Evidence from the Transitional Justice Data Base shows that specific combinations of mechanisms – (1) trials and amnesties, and (2) trials, amnesties and truth commissions – improve human rights and democracy. These findings suggest a ‘justice balance’ approach to transitional justice – that trials provide accountability and amnesties provide stability. Truth commissions alone have a negative impact on human rights and democracy, but contribute positively when combined with trials and amnesties.

Transitional justice mechanisms are the major policy innovation of the late twentieth century to reduce human rights violations and strengthen democracy. Despite the proliferation of practices, policies, and studies of transitional justice, however, scholars and policymakers have little systematic evidence to support the claim that transitional justice actually improves human rights and democracy. Second, if transitional justice does achieve its goals, neither scholars nor policymakers clarify when, why, or how it might do so.
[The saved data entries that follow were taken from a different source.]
Lemma row_sum (y : 'rV[R]_#|T|) :
  (y *m (const_mx 1 : 'rV[R]_#|T|)^T) 0 0 = \sum_t vec y t.
Proof. by rewrite mxE sum_enum; apply: eq_bigr => t _; rewrite !mxE mulr1. Qed.

Lemma vec_row (x : T -> R) : vec (\row_k x (enum_val k)) =1 x.
Proof. by move=> t; rewrite /= mxE enum_rankK. Qed.

Lemma gram_sym (f : T -> T -> R) : ((mx_of f)^T *m mx_of f)^T = (mx_of f)^T *m mx_of f.
Proof. by rewrite trmx_mul trmxK. Qed.

Lemma sigma2_le (f : T -> T -> R) (s : seq R) (k : R) :
  singular_values (mx_of f) s -> 0 <= k ->
  (forall x : T -> R, \sum_t x t = 0 -> sqnorm (app f x) <= k ^+ 2 * sqnorm x) ->
  sigma2_of s <= k.
Proof.
move=> sv k_ge0 hk; have [charG sortedG sq1] := gram_spectrum sv.
rewrite -(ler_pXn2r (n := 2)) ?nnegrE ?(sigma2_ge0 sv) // -sq1.
apply: (second_eigenvalue_le (gram_sym f) (u := const_mx 1) charG sortedG (exprn_ge0 _ k_ge0)) => y.
by rewrite row_sum gram_quad row_sqnorm; apply: hk.
Qed.

Lemma doubly_stochastic_gap (f : T -> T -> R) (s : seq R) :
  singular_values (mx_of f) s ->
  (forall t, \sum_y f t y = 1) -> (forall y, \sum_t f t y = 1) ->
  (forall x : T -> R, sqnorm (app f x) <= sqnorm x) ->
  forall x : T -> R, \sum_t x t = 0 -> sqnorm (app f x) <= sigma2_of s ^+ 2 * sqnorm x.
Proof.
move=> sv rows cols contr x x_sum.
have [t0 _|T0] := pickP (fun _ : T => true); last first.
  by rewrite /sqnorm !big_pred0 ?mulr0 // => t; rewrite T0.
have [charG sortedG sq1] := gram_spectrum sv.
pose u := (const_mx 1 : 'rV[R]_#|T|).
have u_nz : u != 0.
  by apply: contraTneq isT => /rowP /(_ (enum_rank t0)); rewrite !mxE => /eqP; rewrite oner_eq0.
have uG : u *m ((mx_of f)^T *m mx_of f) = u.
  have uMt : u *m (mx_of f)^T = u.
    apply/rowP => i; rewrite !mxE -[RHS](rows (enum_val i)) sum_enum.
    by apply: eq_bigr => t _; rewrite !mxE enum_rankK mul1r.
  rewrite mulmxA uMt; apply/rowP => j; rewrite !mxE -[RHS](cols (enum_val j)) sum_enum.
  by apply: eq_bigr => t _; rewrite !mxE enum_rankK mul1r.
have gram_le1 (y : 'rV[R]_#|T|) :
    (y *m ((mx_of f)^T *m mx_of f) *m y^T) 0 0 <= 1 * (y *m y^T) 0 0.
  by rewrite gram_quad row_sqnorm mul1r; exact: contr.
have := orth_quad_le_second (gram_sym f) charG sortedG u_nz uG gram_le1
  (y := \row_k x (enum_val k)).
rewrite /sigma2_of -sq1 gram_quad row_sqnorm row_sum (sqnorm_eq (vec_row x)).
rewrite (sqnorm_eq (app_eq f (vec_row x))); apply.
by rewrite -[RHS]x_sum; apply: eq_bigr => t _; rewrite vec_row.
Qed.
Lemma window_flips_count s :
  (\sum_(tau in powerset singletons)
      (compatible (flip_spins tau s) && window (flip_spins tau s))
    <= compatible s * 'C(#|singletons|, #|singletons|./2))%N.
Proof.
set B := small_ball singletons (singleton_term s) (x - rest_sum s).
rewrite (eq_bigr (fun tau => (compatible s && (tau \in B) : nat))) => [|tau]; last first.
  by rewrite powersetE => tau_single; rewrite compatible_flip_spins // window_flip.
case: (compatible s); last by rewrite big1.
have -> : (\sum_(tau in powerset singletons) (true && (tau \in B)) = #|B|)%N.
  rewrite -sum1_card [LHS]big_mkcond [RHS]big_mkcond /=; apply: eq_bigr => tau _.
  by rewrite [tau \in B]inE; case: (tau \in powerset _).
rewrite mul1n littlewood_offord // => c /singletonP [Vn_c _].
by rewrite /singleton_term normrM normr_spin mul1r v_ge1.
Qed.

Lemma window_count :
  (2 ^ #|singletons| * \sum_s (compatible s && window s)
    <= 'C(#|singletons|, #|singletons|./2) * \sum_s compatible s)%N.
Proof.
rewrite -card_powerset -sum_nat_const.
under eq_bigr => tau _ do rewrite (reindex_inj (inv_inj (flip_spinsK tau))).
rewrite exchange_big /= big_distrr /= leq_sum // => s _.
by rewrite mulnC window_flips_count.
Qed.

Lemma condProb_window : 0 < \sum_s muFKSW J kappa s e ->
  condProb J kappa window e <= 1 / Num.sqrt ((Nsingle e)%:R + 1).
Proof. by move=> pos; rewrite condProbE //; apply: small_ball_ratio window_count. Qed.

End FKSWConditioning.
(* Off the zeros of [f], [x |-> F (f'/f x)] is C^1 with derivative the integrand, so the
   improper integral over an interval between consecutive zeros is the difference of its
   one-sided limits at the endpoints.  At a zero [z], simple by non-degeneracy,
   [f'/f y * (y - z) -> 1]: [f'/f] jumps from [-oo] to [+oo], hence [F (f'/f)] from [-1] to
   [1], and zeros are isolated, hence finitely many in [a, b].  Telescoping, the integrals add
   up to [F (f'/f b) - F (f'/f a) - 2 * #zeros]. *)

From Stdlib Require Import Reals List Sorted Classical Lra.
From Coquelicot Require Import Coquelicot.
Open Scope R_scope.

Lemma locally_Rabs (c : R) (Q : R -> Prop) :
  locally c Q <-> exists e, 0 < e /\ forall y, Rabs (y - c) < e -> Q y.
Proof.
  split.
  - intros [e He]. exists e. split; [apply cond_pos | intros y Hy; apply He, Hy].
  - intros [e [He HQ]]. exists (mkposreal e He). intros y Hy. apply HQ, Hy.
Qed.

Lemma locally_Rabs_lt (c e : R) : 0 < e -> locally c (fun y => Rabs (y - c) < e).
Proof. intros He. apply locally_Rabs. exists e. auto. Qed.

Lemma continuous_locally_neq0 (g : R -> R) (x : R) :
  continuous g x -> g x <> 0 -> locally x (fun y => g y <> 0).
Proof.
  intros Hg Hx. apply (filter_imp (fun y => Rabs (g y - g x) < Rabs (g x))).
  - intros y Hy E. rewrite E, Rminus_0_l, Rabs_Ropp in Hy. lra.
  - exact (Hg _ (locally_Rabs_lt _ _ (Rabs_pos_lt _ Hx))).
Qed.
The Transitional Justice Data Base project used empirical analysis and found that transitional justice overall has a positive effect on the change in human rights and democracy measures: dealing with past violence is better for these political outcomes than ignoring it. However, only two combinations of TJ mechanisms work: (1) trials and amnesties, and (2) trials, amnesties and truth commissions. Trials and amnesties are thus not incompatible, but work together to produce positive change. In addition:

  • None of the transitional justice mechanisms on their own reduce human rights violations or improve democracy.
  • Using truth commissions alone to resolve past violence is likely to harm, rather than to improve, human rights.
  • The holistic approach moves in the right direction, but because it simply promotes more mechanisms, it remains underspecified.
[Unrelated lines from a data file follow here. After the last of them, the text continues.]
(* For $\alpha>0$ set $$H_\alpha(t)=\frac\alpha2\operatorname{sinc}^2\!\left(\frac{\alpha t}{2}\right)+\frac\alpha4\left[\operatorname{sinc}^2\!\left(\frac{\alpha t-\pi}{2}\right)+\operatorname{sinc}^2\!\left(\frac{\alpha t+\pi}{2}\right)\right]$$ and $G_\alpha(x)=\frac1\pi\int_0^\infty H_\alpha(t)\cos(tx)\,dt$ for $x\ge0$. Then $G_\alpha$ is supported on $[0,\alpha]$, $G_\alpha(0)=1$, and $H_\alpha(t)\ge\frac{2\alpha}{\max((\alpha t)^2,\pi^2/3)}$ for all $t\in\mathbb{R}$.
   Context: $\operatorname{sinc}(x)=\frac{\sin x}{x}$ for $x\ne0$ and $\operatorname{sinc}(0)=1$. *)

From Stdlib Require Import Reals.
From Coquelicot Require Import Coquelicot.
Open Scope R_scope.

Definition sinc (x : R) : R := if Req_EM_T x 0 then 1 else sin x / x.

Definition H_alpha (alpha t : R) : R :=
  alpha / 2 * (sinc (alpha * t / 2)) ^ 2
  + alpha / 4 * ((sinc ((alpha * t - PI) / 2)) ^ 2 + (sinc ((alpha * t + PI) / 2)) ^ 2).

Definition G_alpha (alpha x : R) : R :=
  / PI * RInt_gen (fun t => H_alpha alpha t * cos (t * x))
                  (at_point 0) (Rbar_locally p_infty).

From Stdlib Require Import Reals Lra Lia.
From Coquelicot Require Import Coquelicot.
Open Scope R_scope.

(* The cosine transform of sinc^2 (c s) is a triangle function.  This follows from
   int_0^oo sinc^2 = PI/2, obtained by comparing n^2 sinc^2 (n u) with the Fejer kernel
   sin^2 (n u) / sin^2 u on (0, PI/2), together with the identity
   2 sin^2 A cos 2B = sin^2 (A + B) + sin^2 (A - B) - 2 sin^2 B.  The two shifted terms of
   H_alpha contribute cos (PI x / alpha) times the same triangle, since on translating back
   their odd parts cancel up to a window integral that vanishes at infinity.  Hence
   G_alpha x = alpha / (2 PI) (1 + cos (PI x / alpha)) * triangle, which vanishes for
   x > alpha and equals 1 at 0.

   For the lower bound, H_alpha alpha t = alpha/2 * H_alpha 2 (alpha t / 2).  With a = PI/2,
   v = u^2 and s = sinc^2 u one has sinc^2 (u -+ a) = cos^2 u / (u -+ a)^2, so
   H_alpha 2 u = s + (1 - v s) (v + a^2) / (a^2 - v)^2.  This is >= 1/v when 3 v >= a^2
   (as v s = sin^2 u <= 1), and >= 3/a^2 when 3 v <= a^2 (as sin u >= u - u^3/6). *)

Lemma continuous_scal_R (f : R -> R) k t : continuous f t -> continuous (fun s => k * f s) t.
Proof. exact (continuous_scal_r k f t). Qed.

Lemma continuous_plus_R (f g : R -> R) t :
  continuous f t -> continuous g t -> continuous (fun s => f s + g s) t.
Proof. exact (continuous_plus f g t). Qed.

Lemma continuous_minus_R (f g : R -> R) t :
  continuous f t -> continuous g t -> continuous (fun s => f s - g s) t.
Proof. exact (continuous_minus f g t). Qed.

Lemma continuous_mult_R (f g : R -> R) t :
  continuous f t -> continuous g t -> continuous (fun s => f s * g s) t.
Proof. exact (continuous_mult f g t). Qed.

Lemma ex_derive_continuous_R (f : R -> R) t : ex_derive f t -> continuous f t.
Proof. exact (ex_derive_continuous (K := R_AbsRing) f t). Qed.

Lemma sinc_0 : sinc 0 = 1.
Proof. unfold sinc; destruct (Req_EM_T 0 0); [reflexivity | congruence]. Qed.

Lemma sinc_neq0 y : y <> 0 -> sinc y = sin y / y.
Proof. intros Hy; unfold sinc; destruct (Req_EM_T y 0); [contradiction | reflexivity]. Qed.

Lemma continuous_sinc y : continuous sinc y.
Proof.
  destruct (Req_EM_T y 0) as [-> | Hy].
  - apply continuity_pt_filterlim, continuity_pt_locally; intros eps.
    destruct (derivable_pt_lim_sin 0 eps (cond_pos eps)) as [d Hd].
    exists d; intros u Hu; change (Rabs (u - 0) < d) in Hu.
    destruct (Req_EM_T u 0) as [-> | Hu0].
    + rewrite Rminus_diag, Rabs_R0; apply cond_pos.
    + rewrite sinc_neq0, sinc_0 by exact Hu0; rewrite Rminus_0_r in Hu.
      specialize (Hd u Hu0 Hu).
      rewrite Rplus_0_l, sin_0, cos_0, Rminus_0_r in Hd; exact Hd.
  - assert (Hpos : 0 < Rabs y) by (apply Rabs_pos_lt; exact Hy).
    assert (Hc : continuous (fun z => sin z / z) y)
      by (apply ex_derive_continuous_R; auto_derive; exact Hy).
    refine (continuous_ext_loc _ _ _ _ Hc).
    exists (mkposreal _ Hpos); intros z Hz; change (Rabs (z - y) < Rabs y) in Hz.
    symmetry; apply sinc_neq0; intros ->.
    rewrite Rminus_0_l, Rabs_Ropp in Hz; lra.
Qed.

Definition sinc2 (y : R) : R := sinc y ^ 2.

Lemma sinc2_opp y : sinc2 (- y) = sinc2 y.
Proof.
  unfold sinc2; destruct (Req_EM_T y 0) as [-> | Hy].
  - now rewrite Ropp_0.
  - rewrite !sinc_neq0 by lra; rewrite sin_neg; field; exact Hy.
Qed.

Lemma sinc2_ge0 y : 0 <= sinc2 y.
Proof. unfold sinc2; nra. Qed.

Lemma sinc2_mul_sqr y : sinc2 y * y ^ 2 = sin y ^ 2.
Proof.
  unfold sinc2; destruct (Req_EM_T y 0) as [-> | Hy].
  - rewrite sin_0; ring.
  - rewrite sinc_neq0 by exact Hy; field; exact Hy.
Qed.

Lemma sinc2_scaled_eq k s : s <> 0 -> k ^ 2 * sinc2 (k * s) = sin (k * s) ^ 2 / s ^ 2.
Proof. intros Hs; rewrite <- sinc2_mul_sqr; field; exact Hs. Qed.

Lemma sinc2_le_inv_sqr y : y <> 0 -> sinc2 y <= / y ^ 2.
Proof.
  intros Hy; assert (Hy2 : 0 < y ^ 2) by (apply pow2_gt_0; exact Hy).
  assert (Hsin := sinc2_mul_sqr y); assert (Hb := SIN_bound y).
  apply (Rmult_le_reg_r (y ^ 2)); [exact Hy2|].
  rewrite Rinv_l by lra; nra.
Qed.

Lemma sin_ge_cubic a : 0 <= a -> a <= 4 -> a - a ^ 3 / 6 <= sin a.
Proof.
  intros H0 H4; destruct (pre_sin_bound a 0 H0 H4) as [H _].
  unfold sin_approx, sin_term in H; simpl in H; lra.
Qed.

Lemma sinc2_ge_quadratic u : u ^ 2 <= 6 -> (1 - u ^ 2 / 6) ^ 2 <= sinc2 u.
Proof.
  intros Hu; destruct (Req_EM_T u 0) as [-> | Hu0].
  - unfold sinc2; rewrite sinc_0; lra.
  - set (r := Rabs u).
    assert (Hr2 : r ^ 2 = u ^ 2) by apply pow2_abs.
    assert (Hr0 : 0 < r) by (apply Rabs_pos_lt; exact Hu0).
    assert (Hsr : sin r ^ 2 = sin u ^ 2).
    { unfold r, Rabs; destruct (Rcase_abs u); [rewrite sin_neg; ring | reflexivity]. }
    assert (Hlow : r * (1 - u ^ 2 / 6) <= sin r).
    { rewrite <- Hr2; assert (H := sin_ge_cubic r (Rlt_le _ _ Hr0) ltac:(nra)); lra. }
    assert (Hsq : (r * (1 - u ^ 2 / 6)) ^ 2 <= sin r ^ 2)
      by (apply pow_incr; split; [apply Rmult_le_pos; lra | exact Hlow]).
    assert (Hmul := sinc2_mul_sqr u).
    apply (Rmult_le_reg_r (u ^ 2)); [apply pow2_gt_0; exact Hu0|].
    rewrite Hmul, <- Hsr.
    replace ((1 - u ^ 2 / 6) ^ 2 * u ^ 2) with ((r * (1 - u ^ 2 / 6)) ^ 2)
      by (rewrite <- Hr2; ring).
    exact Hsq.
Qed.

Lemma continuous_sinc2_comp (phi : R -> R) t :
  ex_derive phi t -> continuous (fun s => sinc2 (phi s)) t.
Proof.
  intros Hphi; unfold sinc2; simpl.
  assert (Hc : continuous (fun s => sinc (phi s)) t)
    by (apply (continuous_comp phi sinc); [apply ex_derive_continuous_R, Hphi | apply continuous_sinc]).
  apply continuous_mult_R; [exact Hc|].
  apply continuous_mult_R; [exact Hc | apply continuous_const].
Qed.

Lemma continuous_sinc2 y : continuous sinc2 y.
Proof. apply (continuous_sinc2_comp (fun s => s)); auto_derive; exact I. Qed.

Lemma continuous_sinc2_scaled a k y : continuous (fun u => a * sinc2 (k * u)) y.
Proof.
  apply continuous_scal_R.
  apply (continuous_sinc2_comp (fun u => k * u)); auto_derive; exact I.
Qed.

Lemma is_lim_scal_l_R (f : R -> R) a (l : R) :
  is_lim f p_infty l -> is_lim (fun y => a * f y) p_infty (a * l).
Proof. exact (is_lim_scal_l f a p_infty l). Qed.

Section Integrals.

Variable f : R -> R.
Hypothesis f_cont : forall t, continuous f t.

Lemma ex_RInt_cont a b : ex_RInt f a b.
Proof. apply (ex_RInt_continuous (V := R_CompleteNormedModule)); intros; apply f_cont. Qed.

Lemma RInt_from_0 a b : RInt f a b = RInt f 0 b - RInt f 0 a.
Proof.
  assert (H := RInt_Chasles f 0 a b (ex_RInt_cont _ _) (ex_RInt_cont _ _)).
  change (RInt f 0 a + RInt f a b = RInt f 0 b) in H; lra.
Qed.

Lemma continuous_shift q t : continuous (fun s => f (s + q)) t.
Proof.
  apply (continuous_comp (fun s => s + q) f); [|apply f_cont].
  apply ex_derive_continuous_R; auto_derive; exact I.
Qed.

Lemma RInt_shift q a b : RInt (fun t => f (t + q)) a b = RInt f (a + q) (b + q).
Proof.
  assert (H := RInt_comp_lin f 1 q a b (ex_RInt_cont _ _)).
  rewrite !Rmult_1_l in H; rewrite <- H.
  apply RInt_ext; intros t _; change (f (t + q) = 1 * f (1 * t + q)); now rewrite !Rmult_1_l.
Qed.

Lemma RInt_0_opp y : RInt f 0 (- y) = - RInt (fun s => f (- s)) 0 y.
Proof.
  assert (H := RInt_comp_lin f (-1) 0 0 y (ex_RInt_cont _ _)).
  replace (-1 * 0 + 0) with 0 in H by ring; replace (-1 * y + 0) with (- y) in H by ring.
  rewrite <- H.
  replace (- RInt (fun s => f (- s)) 0 y) with (scal (-1) (RInt (fun s => f (- s)) 0 y))
    by (unfold scal; simpl; unfold mult; simpl; ring).
  rewrite <- RInt_scal.
  - apply RInt_ext; intros t _; now replace (-1 * t + 0) with (- t) by ring.
  - apply (ex_RInt_continuous (V := R_CompleteNormedModule)); intros t _.
    apply (continuous_comp (fun s => - s) f); [|apply f_cont].
    apply ex_derive_continuous_R; auto_derive; exact I.
Qed.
It is suggested, therefore, that a combination of trials and amnesties is required as a balance between the accountability provided by trials and the stability guaranteed by amnesty:

  • The short-term stability provided by amnesties does not necessarily prevent the long-term benefit of accountability through trials. For example:
    – In the case of a negotiated transition, trials sequenced after an initial blanket amnesty provide the time to strengthen democratic governance and judicial institutions to permit delayed justice. In some cases it is economic stability rather than, or in addition to, political constraints that may explain the decision to delay or limit trials.
    – In the case of regime collapse, a combination of partial amnesties and select trials seems likely to be most effective.
  • Truth commissions either complement the accountability and stability mechanisms of trials and amnesties, or at least fail to block those mechanisms from functioning.
  • New democracies and NGOs advocating transitional justice should avoid promoting single mechanisms as the pathway to democracy and human rights.
  • Democracies do not have to choose between trials and amnesties. Neither one turns out to be harmful to human rights and democracies by itself. Combined, they advance those political processes.
  • As long as partial amnesties allow for some human rights trials, or human rights and legal communities find ways to circumvent or overthrow amnesty laws, amnesties can help to strengthen human rights and democracy.